Task objective:
Everything from the line containing "intros Hf. apply" through the final line of the records must be transcribed verbatim; nothing else belongs in the result.

++++ Source data

(* Let $\alpha\in\mathbb R\setminus\{0\}$ and $\mathbf L=\mathbf a^2-\alpha^2\mathbf 1$ on $\mathcal H_a$. Define $\mathcal E^a_{\mathbf L}=\mathrm{Span}\{(\mathbf L^\dagger)^j|v\rangle\mid j\in\mathbb N,\ |v\rangle\in\ker\mathbf L\}$ and $\mathcal E^\sharp_{\mathbf L}=\mathrm{Span}\{(\mathbf L^\dagger)^j[\mathbf L,\mathbf L^\dagger]|v\rangle\mid j\in\mathbb N,\ |v\rangle\in\ker\mathbf L\}$. Then $\mathcal E^a_{\mathbf L}+\mathcal E^\sharp_{\mathbf L}$ is dense in $\mathcal H_a$.
   Context: $\mathcal H_a=L^2(\mathbb R,\mathbb C)$ with Fock basis $(|n\rangle)$, $\mathbf a=\frac1{\sqrt2}(x+\partial_x)$ the annihilation operator, $\mathbf a^\dagger$ the creation operator. $\ker\mathbf L$ is spanned by the coherent states $|\alpha\rangle,|-\alpha\rangle$, where $|z\rangle=e^{-|z|^2/2}\sum_n\frac{z^n}{\sqrt{n!}}|n\rangle$; these vectors lie in the domain of every polynomial in $\mathbf a,\mathbf a^\dagger$, so the expressions above are well defined, with $[\mathbf L,\mathbf L^\dagger]=\mathbf L\mathbf L^\dagger-\mathbf L^\dagger\mathbf L$. *)

From Stdlib Require Import Reals.
From Coquelicot Require Import Coquelicot.

(* H_a = L^2(R,C) is identified, through the Fock basis (|n>), with
   l^2(N,C): a vector is its sequence of Fock coefficients. *)
Definition state := nat -> C.

Definition in_l2 (psi : state) : Prop :=
  ex_series (fun n => (Cmod (psi n)) ^ 2).

(* squared Hilbert norm (meaningful when in_l2 holds) *)
Definition normsq (psi : state) : R := Series (fun n => (Cmod (psi n)) ^ 2).

(* annihilation a|n> = sqrt n |n-1>, i.e. (a psi)_n = sqrt(n+1) psi_(n+1) *)
Definition ann (psi : state) : state :=
  fun n => Cmult (RtoC (sqrt (INR (S n)))) (psi (S n)).

(* creation a^dag|n> = sqrt(n+1)|n+1>, i.e. (a^dag psi)_n = sqrt n psi_(n-1) *)
Definition cre (psi : state) : state :=
  fun n => match n with
           | O => RtoC 0
           | S m => Cmult (RtoC (sqrt (INR (S m)))) (psi m)
           end.

Definition Lop (alpha : R) (psi : state) : state :=
  fun n => Cminus (ann (ann psi) n) (Cmult (RtoC (alpha ^ 2)) (psi n)).

Definition Ldag (alpha : R) (psi : state) : state :=
  fun n => Cminus (cre (cre psi) n) (Cmult (RtoC (alpha ^ 2)) (psi n)).

Definition commLLdag (alpha : R) (psi : state) : state :=
  fun n => Cminus (Lop alpha (Ldag alpha psi) n) (Ldag alpha (Lop alpha psi) n).

Definition kerL (alpha : R) (v : state) : Prop :=
  in_l2 v /\ forall n, Lop alpha v n = RtoC 0.

Inductive span (S : state -> Prop) : state -> Prop :=
  | span_zero : span S (fun _ => RtoC 0)
  | span_gen : forall v, S v -> span S v
  | span_add : forall u w, span S u -> span S w ->
      span S (fun n => Cplus (u n) (w n))
  | span_scal : forall (c : C) u, span S u ->
      span S (fun n => Cmult c (u n)).

Definition E_a (alpha : R) : state -> Prop :=
  span (fun phi => exists (j : nat) (v : state),
          kerL alpha v /\ phi = Nat.iter j (Ldag alpha) v).

Definition E_sharp (alpha : R) : state -> Prop :=
  span (fun phi => exists (j : nat) (v : state),
          kerL alpha v /\ phi = Nat.iter j (Ldag alpha) (commLLdag alpha v)).

Definition sum_sub (A B : state -> Prop) : state -> Prop :=
  fun phi => exists u w, A u /\ B w /\ phi = (fun n => Cplus (u n) (w n)).

Definition dense_in_H (A : state -> Prop) : Prop :=
  forall psi, in_l2 psi -> forall eps : R, 0 < eps ->
    exists phi, A phi /\ in_l2 (fun n => Cminus (psi n) (phi n)) /\
      normsq (fun n => Cminus (psi n) (phi n)) < eps.

(* In the Bargmann picture |n> = z^n / sqrt(n!), the space H_a becomes a space of
   entire functions on which a^dag is multiplication by z and a is d/dz.  Then
   L^dag = z^2 - alpha^2, e^{alpha z} spans part of ker L, and
   [L, L^dag] e^{alpha z} = (4 alpha z + 2) e^{alpha z}.  Both spans are stable
   under L^dag, hence under multiplication by z^2 = L^dag + alpha^2; starting from
   e^{alpha z} and (4 alpha z + 2) e^{alpha z} and using alpha <> 0 this yields
   every z^k e^{alpha z} in E^a + E^#.  Multiplying e^{alpha z} by the truncated
   Taylor series of e^{-alpha z} then approximates each monomial z^m, i.e. each
   Fock vector |m>, in norm, and a subspace that approximates every |m> is dense. *)

From Stdlib Require Import Reals Lra Lia Psatz FunctionalExtensionality IndefiniteDescription.
From Coquelicot Require Import Coquelicot.
Open Scope R_scope.

Notation fact := Factorial.fact.

(** * Finite sums and tails of series *)

Lemma sum_n_le (f g : nat -> R) N : (forall k, f k <= g k) -> sum_n f N <= sum_n g N.
Proof. apply sum_n_m_le. Qed.

Lemma sum_n_nonneg (f : nat -> R) N : (forall k, 0 <= f k) -> 0 <= sum_n f N.
Proof.
  intros Hf. apply Rle_trans with (sum_n (fun _ => 0) N); [|apply sum_n_le, Hf].
  rewrite sum_n_Reals, sum_cte. lra.
Qed.

Lemma sum_n_mono (f : nat -> R) K d : (forall k, 0 <= f k) -> (K <= d)%nat ->
  sum_n f K <= sum_n f d.
Proof.
  intros Hf HKd. induction HKd as [|d _ IH]; [lra|].
  rewrite sum_Sn. change plus with Rplus. specialize (Hf (S d)). lra.
Qed.

Lemma sum_n_term_le (f : nat -> R) k N : (forall k, 0 <= f k) -> (k <= N)%nat ->
  f k <= sum_n f N.
Proof.
  intros Hf HkN. apply Rle_trans with (sum_n f k); [|apply sum_n_mono; assumption].
  destruct k as [|k]; [rewrite sum_O; lra|].
  rewrite sum_Sn. change plus with Rplus. pose proof (sum_n_nonneg f k Hf). lra.
Qed.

++++++++

Solution to this exercise:
  intros Hf. apply Rle_trans with (sum_n (fun _ => 0) N); [|apply sum_n_le, Hf].
  rewrite sum_n_Reals, sum_cte. lra.
Qed.

Lemma sum_n_mono (f : nat -> R) K d : (forall k, 0 <= f k) -> (K <= d)%nat ->
  sum_n f K <= sum_n f d.
Proof.
  intros Hf HKd. induction HKd as [|d _ IH]; [lra|].
  rewrite sum_Sn. change plus with Rplus. specialize (Hf (S d)). lra.
Qed.

Lemma sum_n_term_le (f : nat -> R) k N : (forall k, 0 <= f k) -> (k <= N)%nat ->
  f k <= sum_n f N.
Proof.
  intros Hf HkN. apply Rle_trans with (sum_n f k); [|apply sum_n_mono; assumption].
  destruct k as [|k]; [rewrite sum_O; lra|].
  rewrite sum_Sn. change plus with Rplus. pose proof (sum_n_nonneg f k Hf). lra.
Qed.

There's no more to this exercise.